* Your task *
For the material below, return exactly the lines starting at the one holding "Lemma set_col_origin lam" and ending at the one holding "rewrite /shape_wt !lam1_shift_cols", counting both as part of the range.
Supplied records: Begin
(* A monic cubic that is positive at 0 has a negative root: apply the
   intermediate value theorem on [-L, 0], L exceeding all coefficients. *)
Lemma monic_cubic_negative_root c2 c1 c0 :
  0 < c0 -> exists r, r < 0 /\ r ^ 3 + c2 * r ^ 2 + c1 * r + c0 = 0.
Proof.
  intros Hc0.
  set (p := fun x => x ^ 3 + c2 * x ^ 2 + c1 * x + c0).
  set (L := 1 + Rabs c2 + Rabs c1 + Rabs c0).
  pose proof (Rabs_pos c2); pose proof (Rabs_pos c1); pose proof (Rabs_pos c0).
  assert (HL : 1 <= L) by (unfold L; lra).
  assert (HpL : p (- L) < 0).
  { unfold p. pose proof (Rle_abs c2); pose proof (Rle_abs c0).
    pose proof (Rle_abs (- c1)) as Hc1; rewrite Rabs_Ropp in Hc1.
    assert (HL2 : 1 <= L ^ 2) by nra.
    assert (c2 * L ^ 2 <= Rabs c2 * L ^ 2) by (apply Rmult_le_compat_r; nra).
    assert (- c1 * L <= Rabs c1 * L) by (apply Rmult_le_compat_r; lra).
    assert (Rabs c1 * L <= Rabs c1 * L ^ 2) by (apply Rmult_le_compat_l; nra).
    assert (Rabs c0 <= Rabs c0 * L ^ 2)
      by (rewrite <- (Rmult_1_r (Rabs c0)) at 1; apply Rmult_le_compat_l; lra).
    assert (HLsum : Rabs c2 * L ^ 2 + Rabs c1 * L ^ 2 + Rabs c0 * L ^ 2 = L ^ 3 - L ^ 2)
      by (unfold L; ring).
    replace ((- L) ^ 3 + c2 * (- L) ^ 2 + c1 * - L + c0)
      with (- L ^ 3 + c2 * L ^ 2 + - c1 * L + c0) by ring.
    lra. }
  assert (Hp0 : 0 < p 0) by (unfold p; lra).
  assert (Hcont : continuity p) by (unfold p; reg).
  destruct (IVT p (- L) 0 Hcont ltac:(lra) HpL Hp0) as [r [[_ Hr] Hpr]].
  exists r; split; [|exact Hpr].
  destruct Hr as [Hr|Hr]; [exact Hr|]. subst r; lra.
Qed.

(* The in-phase system
     theta' = v,  v' = A theta + B v + kap w,
     x' = w,      w' = gam theta - del v - eps w,
   and the characteristic polynomial of its (theta, v, w) part. *)
Definition solves_in_phase (A B kap gam del eps : R) (th v x w : R -> R) : Prop :=
  forall t,
    derivable_pt_lim th t (v t) /\
    derivable_pt_lim v t (A * th t + B * v t + kap * w t) /\
    derivable_pt_lim x t (w t) /\
    derivable_pt_lim w t (gam * th t - del * v t - eps * w t).

Definition in_phase_charpoly (A B kap gam del eps s : R) : R :=
  s ^ 3 + (eps - B) * s ^ 2 + (kap * del - A - B * eps) * s - (A * eps + kap * gam).

(* For a root r, the charpoly factors as (s - r) (s^2 - csum s + cprod). *)
Definition cofactor_sum (B eps r : R) : R := B - eps - r.
Definition cofactor_prod (A B kap del eps r : R) : R :=
  (kap * del - A - B * eps) - r * cofactor_sum B eps r.

Section InPhaseMode.

Variables A B kap gam del eps r : R.
Hypothesis Hroot : in_phase_charpoly A B kap gam del eps r = 0.
Let csum := cofactor_sum B eps r.
Let cprod := cofactor_prod A B kap del eps r.
Variables p0 p1 : R -> R.
Hypothesis Hp : solves_second_order csum cprod p0 p1.

Lemma mode_lincomb_deriv al be t :
  derivable_pt_lim (fun s => al * p0 s + be * p1 s) t
    (- (be * cprod) * p0 t + (al + be * csum) * p1 t).
Proof.
  destruct (Hp t) as [H0 H1].
  eapply derivable_pt_lim_val; [apply (derivable_pt_lim_lincomb _ _ _ _ _ _ _ H0 H1)|].
  ring.
Qed.

(* A solution p of the quadratic cofactor yields the in-phase solution
   theta = p'' + eps p',  x = gam p - del p'.  Only the v'-equation uses
   that r is a root. *)
Lemma in_phase_mode :
  exists th v x w : R -> R, solves_in_phase A B kap gam del eps th v x w /\
    th = (fun t => - cprod * p0 t + (csum + eps) * p1 t).
Proof.
  exists (fun t => - cprod * p0 t + (csum + eps) * p1 t),
    (fun t => - (cprod * (csum + eps)) * p0 t + ((csum + eps) * csum - cprod) * p1 t),
    (fun t => gam * p0 t + - del * p1 t),
    (fun t => del * cprod * p0 t + (gam - del * csum) * p1 t).
  split; [|reflexivity].
  intros t; repeat split;
    (eapply derivable_pt_lim_val; [apply mode_lincomb_deriv|]); try ring.
  transitivity (A * (- cprod * p0 t + (csum + eps) * p1 t) +
    B * (- (cprod * (csum + eps)) * p0 t + ((csum + eps) * csum - cprod) * p1 t) +
    kap * (del * cprod * p0 t + (gam - del * csum) * p1 t)
    + in_phase_charpoly A B kap gam del eps r * p1 t).
  - unfold cprod, csum, cofactor_prod, cofactor_sum, in_phase_charpoly; ring.
  - rewrite Hroot; ring.
Qed.

End InPhaseMode.

Definition scale (c : R) (y : st) : st :=
  mkst (c * th1 y) (c * v1 y) (c * th2 y) (c * v2 y)
       (c * x1 y) (c * w1 y) (c * x2 y) (c * w2 y).

Lemma is_solution_scale (F : st -> st) (y : R -> st) (T c : R) :
  (forall c y, F (scale c y) = scale c (F y)) ->
  is_solution F y T -> is_solution F (fun t => scale c (y t)) T.
Proof.
  intros HF Hsol t Ht. rewrite HF. simpl.
  destruct (Hsol t Ht) as (H1 & H2 & H3 & H4 & H5 & H6 & H7 & H8).
  repeat split; apply (derivable_pt_lim_scal (fun s => _ (y s))); assumption.
Qed.

Lemma is_solution_agree (F G : st -> st) (y : R -> st) (T : R) :
  (forall t, 0 <= t <= T -> F (y t) = G (y t)) ->
  is_solution G y T -> is_solution F y T.
Proof. intros HFG Hsol t Ht. rewrite HFG by exact Ht. exact (Hsol t Ht). Qed.

Lemma dist8_th1 y p : Rabs (th1 y - th1 p) <= dist8 y p.
Proof.
  unfold dist8. rewrite <- sqrt_Rsqr_abs. apply sqrt_le_1_alt. unfold Rsqr.
  pose proof (pow2_ge_0 (v1 y - v1 p)); pose proof (pow2_ge_0 (th2 y - th2 p)).
  pose proof (pow2_ge_0 (v2 y - v2 p)); pose proof (pow2_ge_0 (x1 y - x1 p)).
  pose proof (pow2_ge_0 (w1 y - w1 p)); pose proof (pow2_ge_0 (x2 y - x2 p)).
  pose proof (pow2_ge_0 (w2 y - w2 p)). simpl; lra.
Qed.
Definition up_of (h : nat -> bool) (j : nat) : nat := if h j then j else j.-1.
Definition low_of (h : nat -> bool) (j : nat) : nat := if h j then j.-1 else j.

Section EdgeWeight.
Variable R : comUnitRingType.

Definition edge_wt (l : R) (u1 u2 l1 l2 : int) : R :=
  l ^ ((u1 + u2) - (l1 + l2)) * ((l1 <= u1) && (l2 <= u2) && (u2 <= l1))%:R.

Lemma edge_wt_shift l u1 u2 l1 l2 d :
  edge_wt l (u1 + d) (u2 + d) (l1 + d) (l2 + d) = edge_wt l u1 u2 l1 l2.
Proof. by rewrite /edge_wt; congr (_ ^ _ * (nat_of_bool _)%:R); lia. Qed.

Lemma mulr_natb (x y : R) (b1 b2 : bool) :
  (x * b1%:R) * (y * b2%:R) = (x * y) * (b1 && b2)%:R.
Proof. by case: b1; case: b2; rewrite /= ?mulr0 ?mul0r ?mulr1. Qed.

Lemma mulr_natbA (x : R) (b1 b2 : bool) : x * b1%:R * b2%:R = x * (b1 && b2)%:R.
Proof. by case: b1; case: b2; rewrite /= ?mulr0 ?mul0r ?mulr1. Qed.

(* Within the interval allowed by its two neighbours (m1, m2) and (n1, n2),
   the middle column (k1, k2) is reflected; this exchanges the exponents of
   the two labels. *)
Lemma edge_wt_reflect (al be : R) m1 m2 n1 n2 k1 k2 :
  let k1' := Num.max m2 n2 + Num.min m1 n1 - k2 in
  let k2' := Num.max m1 n1 + Num.min m2 n2 - k1 in
  edge_wt be m1 m2 k1' k2' * edge_wt al n1 n2 k1' k2' =
  edge_wt al k1 k2 m1 m2 * edge_wt be k1 k2 n1 n2.
Proof.
rewrite /edge_wt !mulr_natb [be ^ _ * _]mulrC.
by congr (al ^ _ * be ^ _ * (nat_of_bool _)%:R); lia.
Qed.

End EdgeWeight.

Lemma reindex_esum_inv (R : realType) (T T' : choiceType) (P : set T) (Q : set T')
    (e : T -> T') (e' : T' -> T) (f : T -> \bar R) (g : T' -> \bar R) :
  (forall x, P x -> Q (e x)) -> (forall y, Q y -> P (e' y)) ->
  cancel e e' -> cancel e' e -> (forall x, g (e x) = f x) ->
  \esum_(y in Q) g y = \esum_(x in P) f x.
Proof.
move=> PQ QP eK e'K gf.
have bij_e : set_bij P Q e.
  split; [by move=> x /PQ | exact: in2W (can_inj eK) |].
  by move=> y Qy; exists (e' y); [exact: QP | exact: e'K].
by rewrite (reindex_esum P Q e g bij_e); apply: eq_esum => x _; rewrite gf.
Qed.

Lemma prodr_nat_window (R : comPzSemiRingType) (F G : nat -> R) m n j :
  (m <= j)%N -> (j.+2 <= n)%N ->
  (forall k, (m <= k < n)%N -> k != j -> k != j.+1 -> G k = F k) ->
  G j * G j.+1 = F j * F j.+1 ->
  \prod_(m <= k < n) G k = \prod_(m <= k < n) F k.
Proof.
move=> mj jn GF Gj.
have jn' : (j <= n)%N by lia.
have jj2 : (j <= j.+2)%N by lia.
rewrite !(@big_cat_nat _ _ _ j m n) //= !(@big_cat_nat _ _ _ j.+2 j n) //=.
rewrite !(@big_ltn _ _ _ j j.+2) // !big_nat1 -!mulrA [G j * _]mulrA [F j * _]mulrA Gj.
by congr (_ * (_ * _)); apply: eq_big_nat => k /andP[? ?]; apply: GF; lia.
Qed.

Section ShapeWeight.
Variables (R : realType) (N : nat) (c1 c2 : R).

Definition edge_at (h : nat -> bool) (l : nat -> R) (lam : lamT N) (k : nat) : R :=
  edge_wt (l k) (lam1 lam (up_of h k)) (lam2 lam (up_of h k))
                (lam1 lam (low_of h k)) (lam2 lam (low_of h k)).

Lemma eq_edge_at h h' (l l' : nat -> R) lam k : h' k = h k -> l' k = l k ->
  edge_at h' l' lam k = edge_at h l lam k.
Proof. by move=> hk lk; rewrite /edge_at /up_of /low_of hk lk. Qed.

Definition shape_wt (h : nat -> bool) (l : nat -> R) (lam : lamT N) : R :=
  c1 ^ (lam1 lam 0 - lam2 lam 0) * c2 ^ (lam1 lam N - lam2 lam N) *
  \prod_(1 <= k < N.+1) edge_at h l lam k.

Lemma wtGP_shape_wt a p lam : (forall j, (1 <= j <= N)%N -> label N a p j != 0) ->
  wtGP a c1 c2 p lam = shape_wt (horiz p) (label N a p) lam.
Proof.
move=> label_neq0; rewrite /wtGP /shape_wt; congr (_ * _).
apply: eq_big_nat => j /label_neq0 lj_neq0.
rewrite big_ord_recl big_ord1 (_ : lift ord0 ord0 = 1); last exact/val_inj.
rewrite mulr_natb mulr_natbA /edge_at /edge_wt -expfzDr //.
by congr (_ ^ _ * (nat_of_bool _)%:R); rewrite /lam1 /lam2 /up_of /low_of /up /low; lia.
Qed.

Lemma shape_wt_ge0 h l lam : 0 < c1 -> 0 < c2 -> (forall j, (1 <= j <= N)%N -> 0 < l j) ->
  0 <= shape_wt h l lam.
Proof.
move=> c1_gt0 c2_gt0 l_gt0.
rewrite /shape_wt !mulr_ge0 ?exprz_ge0 ?(ltW c1_gt0) ?(ltW c2_gt0) //.
rewrite big_seq; apply: prodr_ge0 => k; rewrite mem_index_iota => /l_gt0 lk_gt0.
by rewrite /edge_at /edge_wt mulr_ge0 ?exprz_ge0 ?ler0n ?(ltW lk_gt0).
Qed.

Definition slice (l0 : int) : set (lamT N) := [set lam | lam (ord0, ord0) = l0].

Definition Zshape (h : nat -> bool) (l : nat -> R) (l0 : int) : \bar R :=
  \esum_(lam in slice l0) (shape_wt h l lam)%:E.

Lemma eq_Zshape h h' l l' l0 :
  (forall k, (1 <= k <= N)%N -> h' k = h k /\ l' k = l k) ->
  Zshape h' l' l0 = Zshape h l l0.
Proof.
move=> hl_eq; apply: eq_esum => lam _; congr (_%:E); congr (_ * _).
by apply: eq_big_nat => k /hl_eq[hk lk]; apply: eq_edge_at.
Qed.

End ShapeWeight.

Section Flips.
Variables (R : realType) (N : nat) (c1 c2 : R).
Implicit Types (h : nat -> bool) (lam : lamT N).

Definition set_col lam (k : nat) (v1 v2 : int) : lamT N :=
  [ffun ij => if val ij.2 == k then (if ij.1 == ord0 then v1 else v2) else lam ij].

Definition shift_cols lam (k0 : nat) (d : int) : lamT N :=
  [ffun ij => if (val ij.2 < k0)%N then lam ij else lam ij + d].

Lemma lam1_set_col lam k v1 v2 j : (j <= N)%N ->
  lam1 (set_col lam k v1 v2) j = if j == k then v1 else lam1 lam j.
Proof. by move=> jN; rewrite /lam1 /L ffunE /= inordK. Qed.

Lemma lam2_set_col lam k v1 v2 j : (j <= N)%N ->
  lam2 (set_col lam k v1 v2) j = if j == k then v2 else lam2 lam j.
Proof. by move=> jN; rewrite /lam2 /L ffunE /= inordK. Qed.

Lemma lam1_shift_cols lam k0 d j : (j <= N)%N ->
  lam1 (shift_cols lam k0 d) j = if (j < k0)%N then lam1 lam j else lam1 lam j + d.
Proof. by move=> jN; rewrite /lam1 /L ffunE /= inordK. Qed.

Lemma lam2_shift_cols lam k0 d j : (j <= N)%N ->
  lam2 (shift_cols lam k0 d) j = if (j < k0)%N then lam2 lam j else lam2 lam j + d.
Proof. by move=> jN; rewrite /lam2 /L ffunE /= inordK. Qed.

Lemma set_col_origin lam k v1 v2 :
  k != 0%N -> set_col lam k v1 v2 (ord0, ord0) = lam (ord0, ord0).
Proof. by move=> k_neq0; rewrite ffunE /= eq_sym (negbTE k_neq0). Qed.

Lemma set_col_set_col lam k v1 v2 w1 w2 :
  set_col (set_col lam k v1 v2) k w1 w2 = set_col lam k w1 w2.
Proof. by apply/ffunP => -[i q]; rewrite !ffunE /=; case: (val q == k). Qed.

Lemma set_col_idE lam k v1 v2 : (k <= N)%N ->
  v1 = lam1 lam k -> v2 = lam2 lam k -> set_col lam k v1 v2 = lam.
Proof.
move=> kN -> ->; apply/ffunP => -[i q]; rewrite ffunE /=.
case: eqP => // qk; rewrite /lam1 /lam2 /L.
have -> : inord k = q by apply/val_inj; rewrite /= inordK -?qk.
by case: i => -[|[|]] //= ?; congr (lam (_, _)); apply/val_inj.
Qed.

Lemma shift_colsK lam k0 d d' : d + d' = 0 -> shift_cols (shift_cols lam k0 d) k0 d' = lam.
Proof.
move=> dd'; apply/ffunP => -[i q]; rewrite !ffunE /=.
by case: ifP => q_lt; rewrite q_lt // -addrA dd' addr0.
Qed.

Lemma edge_at_set_col h (l : nat -> R) lam j v1 v2 k : (k <= N)%N -> k != j -> k.-1 != j ->
  edge_at h l (set_col lam j v1 v2) k = edge_at h l lam k.
Proof.
move=> kN /negbTE kj /negbTE k1j; have k1N : (k.-1 <= N)%N by lia.
by rewrite /edge_at /up_of /low_of; case: (h k);
  rewrite !lam1_set_col // !lam2_set_col // kj k1j.
Qed.

Lemma edge_at_shift_cols h (l : nat -> R) lam k0 d k : (k <= N)%N -> (k0 <= k.-1)%N ->
  edge_at h l (shift_cols lam k0 d) k = edge_at h l lam k.
Proof.
move=> kN k0k; have k1N : (k.-1 <= N)%N by lia.
have [k_ge k1_ge] : (k < k0)%N = false /\ (k.-1 < k0)%N = false by split; lia.
by rewrite /edge_at /up_of /low_of; case: (h k);
  rewrite !lam1_shift_cols // !lam2_shift_cols // k_ge k1_ge edge_wt_shift.
Qed.

Lemma shape_wt_shift_cols0 h (l : nat -> R) lam d :
  shape_wt c1 c2 h l (shift_cols lam 0 d) = shape_wt c1 c2 h l lam.
Proof.
rewrite /shape_wt !lam1_shift_cols // !lam2_shift_cols //=.
congr (c1 ^ _ * c2 ^ _ * _); try lia.
by apply: eq_big_nat => k /andP[_ kN]; rewrite edge_at_shift_cols.
Qed.

Lemma Zshape_slice0 h (l : nat -> R) l0 : Zshape N c1 c2 h l l0 = Zshape N c1 c2 h l 0.
Proof.
apply: (reindex_esum_inv (e := fun lam => shift_cols lam 0 l0)
                         (e' := fun lam => shift_cols lam 0 (- l0))).
- by move=> lam; rewrite /slice /= ffunE /= => ->; rewrite add0r.
- by move=> lam; rewrite /slice /= ffunE /= => ->; rewrite subrr.
- by move=> lam; rewrite shift_colsK ?subrr.
- by move=> lam; rewrite shift_colsK ?addNr.
- by move=> lam; rewrite shape_wt_shift_cols0.
Qed.

Definition corner_flip lam (j : nat) : lamT N :=
  set_col lam j
    (Num.max (lam2 lam j.-1) (lam2 lam j.+1) + Num.min (lam1 lam j.-1) (lam1 lam j.+1)
       - lam2 lam j)
    (Num.max (lam1 lam j.-1) (lam1 lam j.+1) + Num.min (lam2 lam j.-1) (lam2 lam j.+1)
       - lam1 lam j).

Definition corner_unflip lam (j : nat) : lamT N :=
  set_col lam j
    (Num.max (lam1 lam j.-1) (lam1 lam j.+1) + Num.min (lam2 lam j.-1) (lam2 lam j.+1)
       - lam2 lam j)
    (Num.max (lam2 lam j.-1) (lam2 lam j.+1) + Num.min (lam1 lam j.-1) (lam1 lam j.+1)
       - lam1 lam j).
Supplied records: End
* Answer to this exercise *
Lemma set_col_origin lam k v1 v2 :
  k != 0%N -> set_col lam k v1 v2 (ord0, ord0) = lam (ord0, ord0).
Proof. by move=> k_neq0; rewrite ffunE /= eq_sym (negbTE k_neq0). Qed.

Lemma set_col_set_col lam k v1 v2 w1 w2 :
  set_col (set_col lam k v1 v2) k w1 w2 = set_col lam k w1 w2.
Proof. by apply/ffunP => -[i q]; rewrite !ffunE /=; case: (val q == k). Qed.

Lemma set_col_idE lam k v1 v2 : (k <= N)%N ->
  v1 = lam1 lam k -> v2 = lam2 lam k -> set_col lam k v1 v2 = lam.
Proof.
move=> kN -> ->; apply/ffunP => -[i q]; rewrite ffunE /=.
case: eqP => // qk; rewrite /lam1 /lam2 /L.
have -> : inord k = q by apply/val_inj; rewrite /= inordK -?qk.
by case: i => -[|[|]] //= ?; congr (lam (_, _)); apply/val_inj.
Qed.

Lemma shift_colsK lam k0 d d' : d + d' = 0 -> shift_cols (shift_cols lam k0 d) k0 d' = lam.
Proof.
move=> dd'; apply/ffunP => -[i q]; rewrite !ffunE /=.
by case: ifP => q_lt; rewrite q_lt // -addrA dd' addr0.
Qed.

Lemma edge_at_set_col h (l : nat -> R) lam j v1 v2 k : (k <= N)%N -> k != j -> k.-1 != j ->
  edge_at h l (set_col lam j v1 v2) k = edge_at h l lam k.
Proof.
move=> kN /negbTE kj /negbTE k1j; have k1N : (k.-1 <= N)%N by lia.
by rewrite /edge_at /up_of /low_of; case: (h k);
  rewrite !lam1_set_col // !lam2_set_col // kj k1j.
Qed.

Lemma edge_at_shift_cols h (l : nat -> R) lam k0 d k : (k <= N)%N -> (k0 <= k.-1)%N ->
  edge_at h l (shift_cols lam k0 d) k = edge_at h l lam k.
Proof.
move=> kN k0k; have k1N : (k.-1 <= N)%N by lia.
have [k_ge k1_ge] : (k < k0)%N = false /\ (k.-1 < k0)%N = false by split; lia.
by rewrite /edge_at /up_of /low_of; case: (h k);
  rewrite !lam1_shift_cols // !lam2_shift_cols // k_ge k1_ge edge_wt_shift.
Qed.

Lemma shape_wt_shift_cols0 h (l : nat -> R) lam d :
  shape_wt c1 c2 h l (shift_cols lam 0 d) = shape_wt c1 c2 h l lam.
Proof.
rewrite /shape_wt !lam1_shift_cols // !lam2_shift_cols //=.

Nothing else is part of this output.